Stuff like that happened every single place I went. “Marble mouth,” my dad would say to my mom at the dinner table when I asked a question. “I understood him perfectly,” she sometimes said, but then he’d be mad at her the rest of the night.

“Leave those alone,” Glenn said.

I didn’t see what he was talking about. There wasn’t a lot of light in the shed. “You been trapping?” I asked when my eyes adjusted.

“Those are cat skins,” he said. “I’m drying cat skins.”

“Your brother’s drying cat skins,” I told Linda the first night we had the car to ourselves.

“What are you talking about?” she said. And I decided it was the last time I’d ever bring up something that would make her move her hand away.

“What do you think, your brother’s Mister Normal?” she asked.

She told me I could ride in front with Glenn and we’d gotten a block from her house when she asked what my brother was up to. “Let’s go get him,” she said, before I answered.

“Yeah, let’s go get the brother,” Glenn said.
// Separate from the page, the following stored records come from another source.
Lemma row_score_tree_string_le u :
  u \in tree_strings n -> row_score R u (rel_sign s) <= top_score.
Proof.
move=> u_tree; have le_u := size_tree_string_leq u_tree.
case: (eqVneq u (mkseq (rel_sign s) (size u))) => [u_pat|]; last first.
  by move=> neq_u; apply: le_trans (row_score_le _ neq_u le_u) top_score_ge.
rewrite u_pat row_score_mkseq.
case/mem_tree_strings: u_tree => [/mem_drop|[t t_split [b u_tb]]].
  by rewrite mem_lex_strings => /eqP ->; apply: top_score_ge.
have size_t : size t = k by apply/eqP; rewrite -mem_lex_strings (mem_take t_split).
move: u_pat; rewrite u_tb size_rcons size_t mkseqS => /rcons_inj [t_pat _].
by rewrite /top_score /deep_pattern -/k -/r /sign_pattern -t_pat t_split.
Qed.

Lemma row_score_tree_string_max :
  exists2 u, u \in tree_strings n & row_score R u (rel_sign s) = top_score.
Proof.
rewrite /top_score /deep_pattern -/k -/r; case: ifP => deep.
  exists (mkseq (rel_sign s) k.+1); last by rewrite row_score_mkseq.
  apply/mem_tree_strings; right; exists (sign_pattern s) => //.
  by exists (rel_sign s k); rewrite mkseqS.
exists (sign_pattern s); last by rewrite row_score_mkseq.
apply/mem_tree_strings; left.
have : sign_pattern s \in take r (lex_strings k) ++ drop r (lex_strings k).
  by rewrite cat_take_drop mem_lex_strings size_mkseq.
by rewrite mem_cat deep.
Qed.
When we got to my house my brother was already sitting on the front steps. “Well, this is a surprise,” he said, and got in the back with Linda.
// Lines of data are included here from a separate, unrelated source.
Lemma height_le_support b : in_realization nK simplex b ->
  exists u, (u < nK)%nat /\ b u <> 0 /\ height b <= tt (vpoint u).
Proof.
  intros Hb. pose proof Hb as [Hpos [_ [Hsum _]]]. destruct (carrier_spec b Hb) as [Hs Hin].
  destruct (sumR_map_neq0 b 0 nK) as [k0 [_ Hk0]]; [lra|].
  destruct Hs as [[a [Ha Hsa]]|[a [c [[Ha [Hc [Hl _]]] Hs]]]].
  - assert (Hsup : forall k, b k <> 0 -> k = a).
    { intros k Hk. pose proof (Hin k Hk) as H. rewrite Hsa in H. destruct H as [<-|[]]; auto. }
    exists a. split; [auto|split; [rewrite <- (Hsup k0 Hk0); auto|]].
    apply height_le; auto. intros k Hk. rewrite (Hsup k Hk); lra.
  - assert (Hsup : forall k, b k <> 0 -> k = a \/ k = c).
    { intros k Hk. pose proof (Hin k Hk) as H. destruct Hs as [E|E]; rewrite E in H; simpl in H;
        intuition. }
    assert (Hac : tt (vpoint a) <= tt (vpoint c)) by (rewrite !tt_vpoint, Hl by auto;
                                                      apply rad_le; lia).
    destruct (Req_dec (b c) 0) as [Ec|Ec].
    + exists a. split; [auto|split].
      * destruct (Hsup k0 Hk0) as [<-|<-]; auto; contradiction.
      * apply height_le; auto. intros k Hk. destruct (Hsup k Hk) as [->| ->]; [lra|contradiction].
    + exists c. split; [auto|split; auto]. apply height_le; auto.
      intros k Hk. destruct (Hsup k Hk) as [->| ->]; lra.
Qed.
(* [L] may list a vertex several times: only its index [vindex] gets a coordinate. *)
Definition carries (k : nat) (x : T) : Prop :=
  (k < nK)%nat /\ k = vindex (vert k) /\ agree (retract x) (vpoint k) (vlevel k).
“Eyes front, buddy,” Glenn said when I turned to look back at them. The whole way to the quarry, if I started to turn around he jiggled the steering wheel and we all rocked and swayed. Linda told him to stop and he told her it wasn’t him, it was me, so she told me to sit still.

“I want to look at you,” I said.

“That’s sweet,” my brother said.

“It is,” Linda told him.

When we got to the quarry, she said she had to pee.

“I better go with you,” my brother told her. “It’s pretty dark out there.”

“No, thank you,” she said. “I can handle this myself.”

She was gone a long time. I sat in the car with my brother and Glenn and thought of her poking around in the dark, feeling for a safe place.

Glenn had his arm along the top of the seat so his fingers were at my shoulder. My brother whistled to himself the same two notes that went up and down, up and down.

“What I wouldn’t give to be a little flower right now,” Glenn said.

“Two little flowers,” my brother said.

“I should go look for her,” I told them.

They both snorted. “She knows this place better than we do,” Glenn said.

“Or at least as well,” my brother told him.

I tried a few sentences in my head and then said, “So you guys have been here before.”

There was a pause like they were deciding who was going to answer.

“We been here before,” my brother confirmed.

Linda finally appeared out of the dark, wet-eyed, and opened the door and climbed in.

“You okay?” I said.

“Absolutely,” she said.

“Shouldn’t I be in the back with you?” I asked.

“Yeah, absolutely. Move, you,” she said to my brother.

“Absolutely,” my brother said.

“Absolutely,” Glenn said.

In the light when the car door opened again I could see Linda flinch.

“We gotta give these two some time alone,” my brother told Glenn.

“Absolutely,” Glenn said.

“But first I have to show you something,” my brother said, meaning me.

“Now?” I asked him. I had one foot in the backseat.